Foi uma das tardes mais tranquilas que passamos no Uruguai. Era uma praia, eu sei, mas uma praia muito diferente de todas as que tínhamos visitado até hoje. Os animais, o vento frio, as conchinhas no chão, as casinhas no horizonte e o farol dão um ar muito especial para o lugar. É uma passeio delicioso e altamente recomendado!

Até mais, viajantes!

Mi Uruguay querido!!!

25 ago

Olá viajantes! Estamos vivos ainda!! 😀

Muitas coisas aconteceram no último ano: corremos, viajamos,  trabalhamos, cansamos. Enfim, acabamos ficando sem tempo para contar as nossas aventuras por aqui. Aos poucos, vamos recordando as histórias e postando as nossas viagens e nossas impressões, ok?

Vamos ver se consigo terminar de contar para vocês a viagem para o Uruguai, finalmente!
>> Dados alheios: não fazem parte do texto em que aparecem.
(* Direction V_G -> V_f: g is read on the cylinders of an antichain A1;
   each cylinder v is moved by a loop acting at the root, and the transported
   loop delta(v)^{-1} gamma delta(alpha v) is a piece of Lambda g Lambda^{-1}. *)
Lemma VIMG_to_Vf g : in_VIMG tau M1 f t ell g ->
  exists h, in_Vf tau M1 f t h /\ forall w n, h (LI w) n = LI (g w) n.
Proof.
  intros [Hhomeo [A1 [A2 [alpha [HA1 [_ [_ [_ [_ Hloop]]]]]]]]].
  set (gamOf := fun v => epsilon (inhabits (cpath t)) (loop_acts g v (alpha v))).
  assert (HgamOf : forall v, In v A1 -> loop_acts g v (alpha v) (gamOf v))
    by (intros v Hv; apply epsilon_spec, Hloop, Hv).
  set (Ac := nodup (fun a b => excluded_middle_informative (a = b)) A1).
  set (vv := fun i => nth i Ac []).
  assert (HvvA : forall i, (i < length Ac)%nat -> In (vv i) A1)
    by (intros i Hi; eapply nodup_In, nth_In, Hi).
  set (P := fun i => {| p_n := length (vv i); p_v := L (vv i); p_m := length (alpha (vv i));
                        p_u := L (alpha (vv i));
                        p_g := transport_loop (vv i) (gamOf (vv i)) (alpha (vv i)) |}).
  exists (fun xi => LI (g (Linv xi))). split.
  2:{ intros w n. rewrite LamInv_LamInf. auto. }
  split; [apply homeo_conj_ends; auto |].
  exists (length Ac), P. split; [| split].
  - intros i Hi. destruct (HgamOf (vv i) (HvvA i Hi)) as [Pg [G0 [G1 _]]].
    destruct (transport_loop_spec (vv i) _ (alpha (vv i)) Pg G0 G1) as [T1 [T2 T3]].
    simpl. split; [apply Lam_vertex | split; [apply Lam_vertex | auto]].
  - apply antichain_partition; [apply complete_antichain_nodup; auto | apply NoDup_nodup].
  - intros i Hi xi [Hxi Hsub] j. simpl in *. set (v := vv i) in *.
    set (w := Linv xi). assert (Exi : LI w = xi) by (apply LamInf_LamInv; auto).
    assert (Ew : prepend v (fun q => w (length v + q)%nat) = w)
      by (apply prepend_drop, LamInf_prefix; rewrite Exi; auto).
    destruct (HgamOf v (HvvA i Hi)) as [Pg [G0 [G1 Hact]]].
    destruct (Hact (fun q => w (length v + q)%nat)) as [z [Hz1 Hz2]].
    rewrite Ew in Hz1. apply functional_extensionality in Hz1.
    fold w. rewrite Hz1, <- Exi, <- Ew. symmetry. apply transport_loop_action; auto.
Qed.

Lemma piece_loop_acts h a b p : path p -> p 0 = L a -> p 1 = L b ->
  (forall w, h (LI (prepend a w)) = Sg (length a) (length b) (L b) p (LI (prepend a w))) ->
  loop_acts (fun w => Linv (h (LI w))) a b (close_path a p b).
Proof.
  intros Pg G0 G1 Hh. destruct (close_path_spec a p b Pg G0 G1) as [C1 [C2 C3]].
  split; [| split; [| split]]; auto. intros w.
  set (xi := Sg 0 0 t (close_path a p b) (LI w)).
  destruct (S_path_end tau M1 f Hcov t 0 0 t _ (LI w) (LamInf_end w)
              ltac:(split; simpl; auto) C1 C2 C3) as [XE _].
  exists (Linv xi). split; [| intros n; rewrite LamInf_LamInv; auto].
  assert (Hz : forall j, LI (Linv xi) j = xi j) by (intros j; rewrite LamInf_LamInv; auto).
  intros n. rewrite Hh, (functional_extensionality _ _ (close_path_action a b p w _ Pg G0 G1 Hz)).
  rewrite LamInv_LamInf. reflexivity.
Qed.

(* Direction V_f -> V_G: the pieces of h name, through Lambda, two complete
   antichains (the sources, and the targets, which partition the boundary
   since h is a bijection); each piece p, closed up by delta, is a loop at
   t realising Lambda^{-1} h Lambda on the corresponding cylinder. *)
Lemma Vf_to_VIMG h : in_Vf tau M1 f t h ->
  exists g, in_VIMG tau M1 f t ell g /\ forall w n, h (LI w) n = LI (g w) n.
Proof.
  intros [Hhomeo [k [P [HP [Hpart Hpiece]]]]].
  pose proof Hhomeo as [Hhe [hi [Hhie [Hhih [Hhhi _]]]]].
  assert (Hpiece' : forall i, (i < k)%nat -> forall xi,
            in_subtree_bd M1 f t (p_n (P i)) (p_v (P i)) xi -> h xi = piece_map (P i) xi)
    by (intros i Hi xi Hxi; apply functional_extensionality; intros j; apply Hpiece; auto).
  assert (Hpart' : partition k (fun i => p_m (P i)) (fun i => p_u (P i))).
  { apply (target_partition tau M1 f Hcov t k P h hi); auto;
      intros; apply functional_extensionality; auto. }
  set (aw := fun i => wordOf (p_n (P i)) (p_v (P i))).
  set (bw := fun i => wordOf (p_m (P i)) (p_u (P i))).
  assert (Haw : forall i, (i < k)%nat -> length (aw i) = p_n (P i) /\ L (aw i) = p_v (P i))
    by (intros i Hi; apply wordOf_spec, (HP i Hi)).
  assert (Hbw : forall i, (i < k)%nat -> length (bw i) = p_m (P i) /\ L (bw i) = p_u (P i))
    by (intros i Hi; apply wordOf_spec, (HP i Hi)).
  destruct (partition_antichain k _ _ (fun i Hi => proj1 (HP i Hi)) Hpart) as [HA1 Hinj1].
  destruct (partition_antichain k _ _ (fun i Hi => proj1 (proj2 (HP i Hi))) Hpart') as [HA2 Hinj2].
  fold aw in HA1, Hinj1. fold bw in HA2, Hinj2.
  destruct (reindex_bijection k aw bw (prefix_free_inj k aw Hinj1) (prefix_free_inj k bw Hinj2))
    as [alpha [Halpha Hbij]].
  exists (fun w => Linv (h (LI w))). split.
  2:{ intros w n. rewrite LamInf_LamInv; auto using LamInf_end. }
  split; [apply homeo_conj_words; auto |].
  exists (map aw (seq 0 k)), (map bw (seq 0 k)), alpha.
  do 2 (split; [auto |]). split; [apply Hbij | split; [apply Hbij | split; [apply Hbij |]]].
  intros v Hv. apply in_map_seq in Hv. destruct Hv as [i [Hi <-]]. rewrite Halpha by auto.
  destruct (HP i Hi) as [_ [_ [Pg [G0 G1]]]].
  destruct (Haw i Hi) as [Alen AL]. destruct (Hbw i Hi) as [Blen BL].
  exists (close_path (aw i) (p_g (P i)) (bw i)).
  apply piece_loop_acts; [auto | congruence | congruence |]. intros w.
  rewrite (Hpiece' i); [unfold piece_map; rewrite <- Alen, <- Blen, <- BL; reflexivity | auto |].
  rewrite <- Alen, <- AL. apply subtree_LamInf; [apply Lam_vertex |].
  rewrite wordOf_Lam. apply prepend_prefix.
Qed.
End SpectralNorm.

Lemma normr_dot_mulmx_le (R : realType) (n : nat) (A : 'M[R]_n) (e y : 'cV[R]_n) :
  vnorm e = 1 -> `|dot y (A *m y)| <= specnorm A * dot y y.
Proof.
move=> e1; apply: le_trans (normr_dot_le _ _) _.
rewrite -vnorm_sqr expr2 mulrCA ler_wpM2l ?vnorm_ge0 //.
exact: (vnorm_mulmx_le A e1 y).
Qed.

Section Rayleigh.
Variables (R : realType) (n : nat) (k : 'I_n).
Implicit Types (a b : 'I_n -> 'cV[R]_n).

Lemma exists_orthogonal_tail_head a b : exists2 y : 'cV[R]_n, y != 0 &
  (forall i : 'I_n, (k < i)%N -> dot (a i) y = 0) /\
  (forall i : 'I_n, (i < k)%N -> dot (b i) y = 0).
Proof.
(* The n - 1 constraints form the columns of a matrix whose k-th column is
   zero; a nonzero vector of its left kernel does the job. *)
pose B : 'M[R]_n := \matrix_(i, j) (if (k < j)%N then a j i 0
                                    else if (j < k)%N then b j i 0 else 0).
have : \det B == 0.
  by rewrite (expand_det_col B k) big1 // => i _; rewrite mxE ltnn mul0r.
case/det0P => r rn0 /matrixP rB; exists r^T.
  by apply: contra rn0 => /eqP r0; rewrite -[r]trmxK r0 trmx0.
split=> i ik; have := rB 0 i; rewrite !mxE /dot => /(eq_trans _); apply.
  by apply: eq_bigr => l _; rewrite !mxE ik mulrC.
have ki : (k < i)%N = false by apply/negbTE; rewrite -leqNgt ltnW.
by apply: eq_bigr => l _; rewrite !mxE ki ik mulrC.
Qed.

Variables (a : 'I_n -> 'cV[R]_n) (al : 'I_n -> R).
Hypothesis a_orthonormal : forall i j, (a i)^T *m a j = (i == j)%:R%:M.
Hypothesis al_noninc : forall i j : 'I_n, (i <= j)%N -> al j <= al i.
Let A := \sum_i al i *: (a i *m (a i)^T).

Lemma rayleigh_ge y : (forall i : 'I_n, (k < i)%N -> dot (a i) y = 0) ->
  al k * dot y y <= dot y (A *m y).
Proof.
move=> ya; rewrite dot_spectral_quad (parseval a_orthonormal) mulr_sumr.
apply: ler_sum => i _; case: (ltnP k i) => ki; first by rewrite ya // expr0n /= !mulr0.
by rewrite ler_wpM2r ?sqr_ge0 ?al_noninc.
Qed.

Lemma rayleigh_le y : (forall i : 'I_n, (i < k)%N -> dot (a i) y = 0) ->
  dot y (A *m y) <= al k * dot y y.
Proof.
move=> ya; rewrite dot_spectral_quad (parseval a_orthonormal) mulr_sumr.
apply: ler_sum => i _; case: (ltnP i k) => ik; first by rewrite ya // expr0n /= !mulr0.
by rewrite ler_wpM2r ?sqr_ge0 ?al_noninc.
Qed.

End Rayleigh.

Section Weyl.
Variables (R : realType) (n : nat) (k : 'I_n).
Variables (a b : 'I_n -> 'cV[R]_n) (al be : 'I_n -> R) (e : R).
Hypothesis a_orthonormal : forall i j, (a i)^T *m a j = (i == j)%:R%:M.
Hypothesis al_noninc : forall i j : 'I_n, (i <= j)%N -> al j <= al i.
Hypothesis b_orthonormal : forall i j, (b i)^T *m b j = (i == j)%:R%:M.
Hypothesis be_noninc : forall i j : 'I_n, (i <= j)%N -> be j <= be i.
Let A := \sum_i al i *: (a i *m (a i)^T).
Let B := \sum_i be i *: (b i *m (b i)^T).
Hypothesis BA_quad : forall y, `|dot y ((B - A) *m y)| <= e * dot y y.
Rs

Chegamos ao nosso primeiro destino, La Paloma, na noite do dia 03 de outubro de 2012, perto das 22:40. Embora as estradas por onde passamos não tenham iluminação, o asfalto é ótimo e a sinalização é muito bem posicionada. A velocidade média é de 90 Km/h.
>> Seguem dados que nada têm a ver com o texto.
Lemma transfer_child {R : V -> V -> Prop} {d a a' b} : homogeneous G R -> propagated G R ->
  R a b -> child d a = Some a' -> exists2 b', child d b = Some b' & R a' b'.
Proof.
move=> Hh HR Rab Ha.
have [b' Eb] : exists b', child d b = Some b'.
  move: Ha (Hh _ _ Rab); rewrite /child /homogeneous_nodes.
  by case: (G a) => [a1 a2|a1|x|l]; case: (G b) => [b1 b2|b1|y|k]; case: d => //;
    eexists.
by exists b'; last exact: (propagated_child HR Rab Ha Eb).
Qed.

Lemma transfer {R : V -> V -> Prop} {a b t a'} : homogeneous G R -> propagated G R -> R a b ->
  path G a t a' -> exists2 b', path G b t b' & R a' b'.
Proof.
move=> Hh HR Rab /pathP; elim: t a' => [|d t IH] a' /=.
  by case=> <-; exists b => //; apply: path_nil.
case Ea: (follow a t) => [m|] //= Hm.
have [m' /pathP Em' Rmm'] := IH _ Ea.
have [b' Eb' Rab'] := transfer_child Hh HR Rmm' Hm.
by exists b' => //; apply/pathP; rewrite /= Em'.
Qed.

(* In a finite acyclic graph, a homogeneous propagated relation never relates
   a node to a proper descendant: otherwise the descent along e could be
   repeated forever, and two of the first #|V|+1 repetitions would end in
   the same node, closing a nonempty cycle. *)
Lemma no_related_descendant {R : V -> V -> Prop} {z w e} : acyclic G -> homogeneous G R ->
  propagated G R -> path G z e w -> R z w -> e = [::].
Proof.
move=> Hac Hh HR Hzw Rzw.
pose rep i := flatten (nseq i e).
have chain i : exists w0 w1, [/\ path G z (rep i) w0, path G w0 e w1 & R w0 w1].
  elim: i => [|i [w0 [w1 [Hz Hw Rw]]]]; first by exists z, w; split => //; apply: path_nil.
  have [w2 Hw2 Rw2] := transfer Hh HR Rw Hw.
  by exists w1, w2; split => //; apply: path_cat Hz Hw.
pose f (i : 'I_#|V|.+1) := odflt z (follow z (rep i)).
have Hf (i : 'I_#|V|.+1) : path G z (rep i) (f i).
  by have [w0 [w1 [/pathP Hz _ _]]] := chain i; apply/pathP; rewrite /f Hz.
have /injectivePn [i [j nij Efij]] : ~~ injectiveb f.
  by apply/injectiveP => /leq_card; rewrite card_ord ltnn.
wlog lt_ij : i j nij Efij / i < j.
  move=> gen; case: (ltngtP i j) => [|ji|/val_inj eij]; first exact: gen.
  - by apply: gen (esym Efij) ji; rewrite eq_sym.
  - by rewrite eij eqxx in nij.
have rep_ji : rep j = rep (j - i) ++ rep i by rewrite /rep -flatten_cat -nseqD subnK // ltnW.
have [u Hu Hloop] : exists2 u, path G z (rep i) u & path G u (rep (j - i)) (f j).
  by apply: path_split; rewrite -rep_ji.
rewrite (path_det Hu (Hf i)) Efij in Hloop.
move: (Hac _ _ Hloop) (lt_ij); rewrite -subn_gt0; case: (j - i) => //= k.
by rewrite /rep /=; case: (e).
Qed.
End Paths.

Section Spreading.
Set Implicit Arguments.
Unset Strict Implicit.
Variables (V : finType) (A : Type) (G : graph V A) (Q : V -> V -> Prop).

Lemma spread_least (S : V -> V -> Prop) : propagated G S -> equivalence_rel S ->
  (forall x y, Q x y -> S x y) -> forall x y, spread G Q x y -> S x y.
Proof. by move=> HS ES QS x y; apply. Qed.

Lemma spread_of_query x y : Q x y -> spread G Q x y.
Proof. by move=> Qxy S _ _; apply. Qed.

Lemma spread_propagated : propagated G (spread G Q).
Proof.
split; [|split].
- by move=> n m ? ? ? ? Hnm En Em S HS ES QS; apply: HS.1 (Hnm S HS ES QS) En Em.
- by move=> n m ? ? Hnm En Em S HS ES QS; apply: HS.2.1 (Hnm S HS ES QS) En Em.
- by move=> n m ? ? ? ? Hnm En Em S HS ES QS; apply: HS.2.2 (Hnm S HS ES QS) En Em.
Qed.

Lemma spread_equivalence : equivalence_rel (spread G Q).
Proof.
split; [|split] => [x|x y Hxy|x y z Hxy Hyz] S PS ES QS.
- exact: ES.1.
- exact: ES.2.1 (Hxy S PS ES QS).
- exact: ES.2.2 (Hxy S PS ES QS) (Hyz S PS ES QS).
Qed.

Definition co_reached (x y : V) : Prop :=
  exists r r' t, [/\ Q r r', path G r t x & path G r' t y].

(* The equivalence closure of [co_reached], a concrete upper bound of Q^#. *)
Definition linked : V -> V -> Prop := clos_refl_sym_trans V co_reached.

Variable R : V -> V -> Prop.
Hypotheses (HR : sharing_equivalence G R) (QR : forall x y, Q x y -> R x y).

Lemma co_reached_R x y : co_reached x y -> R x y.
Proof.
case=> r [r' [t [Qr Hx Hy]]].
by have [_ [[_ [PR _]] _]] := HR; apply: same_trace PR (QR Qr) Hx Hy.
Qed.

Lemma linked_R x y : linked x y -> R x y.
Proof.
have [_ [_ [Er [Es Et]]]] := HR.
elim=> [a b /co_reached_R|a|a b _|a b c _ Rab _ Rbc]; eauto.
Qed.

(* [linked] is propagated: a chain of co-reached nodes descends stepwise,
   the intermediate nodes having the same kind by homogeneity of R. *)
Lemma linked_propagated : propagated G linked.
Proof.
apply: child_closed_propagated => d a c + + Hac; elim: Hac.
- move=> x y [r [r' [t [Qr Hx Hy]]]] x' y' Ex Ey; apply: rst_step.
  by exists r, r', (d :: t); split; [|exact: path_child Hx Ex|exact: path_child Hy Ey].
- by move=> x x' y' -> [->]; apply: rst_refl.
- by move=> x y _ IH x' y' Ex Ey; apply: rst_sym; apply: IH.
- move=> x y z Lxy IHxy _ IHyz x' z' Ex Ez.
  have [_ [[homR [PR _]] _]] := HR.
  have [y' Ey _] := transfer_child homR PR (linked_R Lxy) Ex.
  exact: rst_trans (IHxy _ _ Ex Ey) (IHyz _ _ Ey Ez).
Qed.

Lemma spread_linked x y : spread G Q x y -> linked x y.
Proof.
apply: (spread_least linked_propagated) => [|a b Qab].
- split; [exact: rst_refl | split; [exact: rst_sym | exact: rst_trans]].
- by apply: rst_step; exists a, b, [::]; split; try apply: path_nil.
Qed.

(* Two R-related binders reached from R-related nodes sit at the same
   depth: an extra segment e would relate a node to a proper descendant. *)
Lemma binder_depth r r' t e l k : acyclic G -> R r r' ->
  path G r t l -> path G r' (e ++ t) k -> R l k -> e = [::].
Proof.
move=> acyclicG Rrr' Hl /path_split[u Hu Huk] Rlk.
have [_ [[homR [PR _]] [_ [Es Et]]]] := HR.
apply: (no_related_descendant acyclicG homR PR Huk).
exact: Et (Es _ _ (same_trace PR Rrr' Hl Hu)) Rlk.
Qed.

Hypotheses (lambdaG : lambda_graph G) (queryQ : query G Q).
Nos hospedamos em um hostel, que foi reservado pela internet, através do Booking – importante: baixe os aplicativos que você julgar necessários, salve as informações em um bloco de notas. Os serviços de roaming internacional são caríssimos (a Vivo cobra R$ 24,90 por DIA), e se você vai depender de Wi-Fi a viagem toda, é melhor se prevenir. Por conta disso, desligamos os sinais 3G do celular e nos comunicávamos por mensagens, quando o wi-fi estava disponível.
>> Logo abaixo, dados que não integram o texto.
Lemma alt_des_insert_at (h : bool) M s i : i <= size s ->
  {in s, forall v, (v < M) = h /\ (M < v) = ~~ h} ->
  alt_des false (insert_at i M s) =
  insert_gain h (size s) i + alt_des false (take i s) + alt_des (~~ odd i) (drop i s).
Proof.
move=> i_le M_ext.
have step_to b v : v \in s -> alt_step b v M = (b == h).
  by move=> /M_ext[lt_vM lt_Mv]; rewrite /alt_step lt_vM lt_Mv; case: b; case: (h).
have step_from b v : v \in s -> alt_step b M v = (b != h).
  by move=> /M_ext[lt_vM lt_Mv]; rewrite /alt_step lt_vM lt_Mv; case: b; case: (h).
have alt_des_from_M : alt_des (odd i) (M :: drop i s) =
    ((i < size s) && (odd i != h)) + alt_des (~~ odd i) (drop i s).
  case E: (drop i s) => [|v w].
    by move: (size_drop i s); rewrite E => /eqP; rewrite eq_sym subn_eq0 ltnNge => ->.
  have v_s : v \in s by rewrite -(cat_take_drop i s) E mem_cat mem_head orbT.
  have -> : i < size s by rewrite -subn_gt0 -size_drop E.
  by rewrite alt_des_cons2 step_from.
rewrite /insert_at /insert_gain mulnDl !mulnb.
case: i i_le alt_des_from_M => [|j] j_lt alt_des_from_M.
  by rewrite take0 cat0s alt_des_from_M /= add0n addn0.
case E: (take j.+1 s) => [|a u]; first by move: (size_takel j_lt); rewrite E.
have u_size : size u = j by move: (size_takel j_lt); rewrite E => -[].
have last_s : last a u \in s by rewrite -(cat_take_drop j.+1 s) E mem_cat mem_last.
rewrite alt_des_cat u_size step_to // -[~~ odd j]/(odd j.+1) alt_des_from_M.
have -> : (false (+) odd j == h) = (odd j.+1 != h) by rewrite /=; case: (odd j); case: (h).
by rewrite ltn0Sn andTb; ring.
Qed.

Lemma sorted_ltn_nth_mono (s : seq nat) : sorted ltn s ->
  {in [pred i | i < size s] &, {mono nth 0 s : i j / i < j}}.
Proof.
move=> s_sorted i j i_lt j_lt; have s_homo := sorted_ltn_nth ltn_trans 0 s_sorted.
case: (ltngtP i j) => [ij | ji | ->]; [exact: s_homo | | exact: ltnn].
by apply/negbTE; rewrite -leqNgt ltnW // s_homo.
Qed.

Section RankComplement.
Variable q : seq nat.
Hypothesis q_uniq : uniq q.

Let r := sort leq q.
Let N := (size r).-1.

Definition rank_compl (v : nat) : nat := nth 0 r (N - index v r).

Let r_sorted : sorted ltn r.
Proof. by rewrite ltn_sorted_uniq_leq sort_uniq q_uniq sort_sorted //; exact: leq_total. Qed.

Let mem_r v : (v \in r) = (v \in q).
Proof. exact: mem_sort. Qed.

Let index_lt v : v \in q -> index v r < size r.
Proof. by rewrite index_mem mem_r. Qed.

Let index_le v : v \in q -> index v r <= N.
Proof. by move/index_lt; rewrite /N; case: (size r). Qed.

Let rev_index_lt v : v \in q -> N - index v r < size r.
Proof.
move=> vq; apply: leq_ltn_trans (leq_subr _ _) _.
by move: (index_lt vq); rewrite /N; case: (size r).
Qed.

Lemma rank_compl_mem v : v \in q -> rank_compl v \in q.
Proof. by move=> vq; rewrite -mem_r mem_nth ?rev_index_lt. Qed.

Lemma rank_complK : {in q, involutive rank_compl}.
Proof.
move=> v vq; rewrite {1}/rank_compl index_uniq ?rev_index_lt ?sort_uniq //.
by rewrite subKn ?index_le // nth_index ?mem_r.
Qed.
(* Let $\alpha$ be a unit speed Frenet curve in $\mathbb{E}^3$ and $\beta$ an osculating mate of $\alpha$ with unit tangent $\bar T$. The following are equivalent: (i) the tangent indicatrix $\bar T$ of $\beta$ is a general helix; (ii) $\beta$ is a slant helix; (iii) $\alpha$ is a general helix.
   Context: $\alpha:I\to\mathbb{E}^3$ is parametrized by arclength $s$, with Frenet frame $\{T,N,B\}$, curvature $\kappa>0$, torsion $\tau$. An osculating mate of $\alpha$ is a curve $\beta(s)=\int(x_1T+x_2N)ds$ with smooth $x_1,x_2$, $x_1^2+x_2^2=1$ and $\beta''\perp\mathrm{span}\{T,N\}$; $\beta$ is assumed to be a Frenet curve, unit speed in $s$, with Frenet frame $\{\bar T,\bar N,\bar B\}$. The tangent indicatrix of $\beta$ is the spherical curve $s\mapsto\bar T(s)$. A general helix is a curve whose tangent makes a constant angle with a fixed direction (equivalently, the ratio torsion/curvature is constant). A slant helix is a curve whose principal normal makes a constant angle with a fixed direction (equivalently $\frac{k^2}{(k^2+t^2)^{3/2}}(t/k)'$ is constant, $k,t$ its curvature and torsion). *)

From Stdlib Require Import Reals.
From Coquelicot Require Import Coquelicot.
Open Scope R_scope.

Definition V3 : Type := (R * R * R)%type.
Definition vx (v : V3) : R := fst (fst v).
Definition vy (v : V3) : R := snd (fst v).
Definition vz (v : V3) : R := snd v.
Definition mkV (x y z : R) : V3 := (x, y, z).

Definition vadd (u v : V3) : V3 := mkV (vx u + vx v) (vy u + vy v) (vz u + vz v).
Definition vscal (k : R) (v : V3) : V3 := mkV (k * vx v) (k * vy v) (k * vz v).
Definition dot (u v : V3) : R := vx u * vx v + vy u * vy v + vz u * vz v.
Definition vnorm (v : V3) : R := sqrt (dot v v).
Definition cross (u v : V3) : V3 :=
  mkV (vy u * vz v - vz u * vy v) (vz u * vx v - vx u * vz v) (vx u * vy v - vy u * vx v).
Definition vzero : V3 := mkV 0 0 0.

Definition oint (a b : Rbar) (s : R) : Prop := Rbar_lt a s /\ Rbar_lt s b.

Definition smooth_on (I : R -> Prop) (f : R -> R) : Prop :=
  forall (n : nat) (s : R), I s -> ex_derive_n f n s.

Definition smooth_curve_on (I : R -> Prop) (c : R -> V3) : Prop :=
  smooth_on I (fun s => vx (c s)) /\ smooth_on I (fun s => vy (c s)) /\
  smooth_on I (fun s => vz (c s)).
No Uruguai, há sinal wi-fi praticamente em todo lugar: restaurantes, lojas, hotéis, bastando que você peça a senha e aproveite. Há uma rede pública com sinal aberto, mas o sinal normalmente estava fraco e eu não conseguia ficar conectada durante muito tempo.

Open!

Open!

Ficamos no HOSTEL IBIRAPITÁ, situado no Departamento de Rocha. Pagamos US$ 24,00 a diária do quarto “double”, a suíte para casal. O hostel conta com um páteo com cadeiras e mesinhas, pra você bater papo e tomar cerveja Patrícia com os amigos. A cozinha também fica disponível para uso. Ao lado da recepção, há uma sala com lareira, que fica acessa em noites de muito frio. Você pode aproveitar para treinar o seu inglês nesta sala, já que a maioria dos turistas não fala espanhol.Há lençóis, cobertores e toalhas. No valor da diária, está incluso um café da manhã, mas eles não servem as outras refeições. O banho é quente, mas o aquecimento da água é por caldeira, e você pode ter a desagradável surpresa da água quente acabar antes de você terminar o banho – seja rápido!  Você pode levar suas bebidas e colocar no frigobar (antigo) do quarto, e também pode experimentar “Grappamiel” na recepção – um misturado de aguardente de uva e mel, muito popular no Uruguai (no dia seguinte, compramos uma garrafinha no terminal de ônibus, custou uns 60 pesos uruguaios – R$ 6,00).  É doce, e forte. Desce esquentando tudo mas deixa um gostinho bom de mel na boca. É bom, mas um pouco enjoativo para tomar muitas doses. O rapaz que cuida do Hostel foi muito simpático e nos deu muitas informações sobre o lugar. O hostel fica muito próximo ao “centro” de La Paloma. Há 2 quarteirões, você tem acesso a um restaurante, supermercado e posto de gasolina. Mais um quarteirão, lojas de roupas, bancos, bares, mais restaurantes e a praia!

Playa Bahía Grande

Playa Bahía Grande

A nossa primeira impressão de praia no Uruguai ocorreu no dia seguinte, 04/10, por volta das 9:00a.m. Bahía Grande! E era grande mesmo!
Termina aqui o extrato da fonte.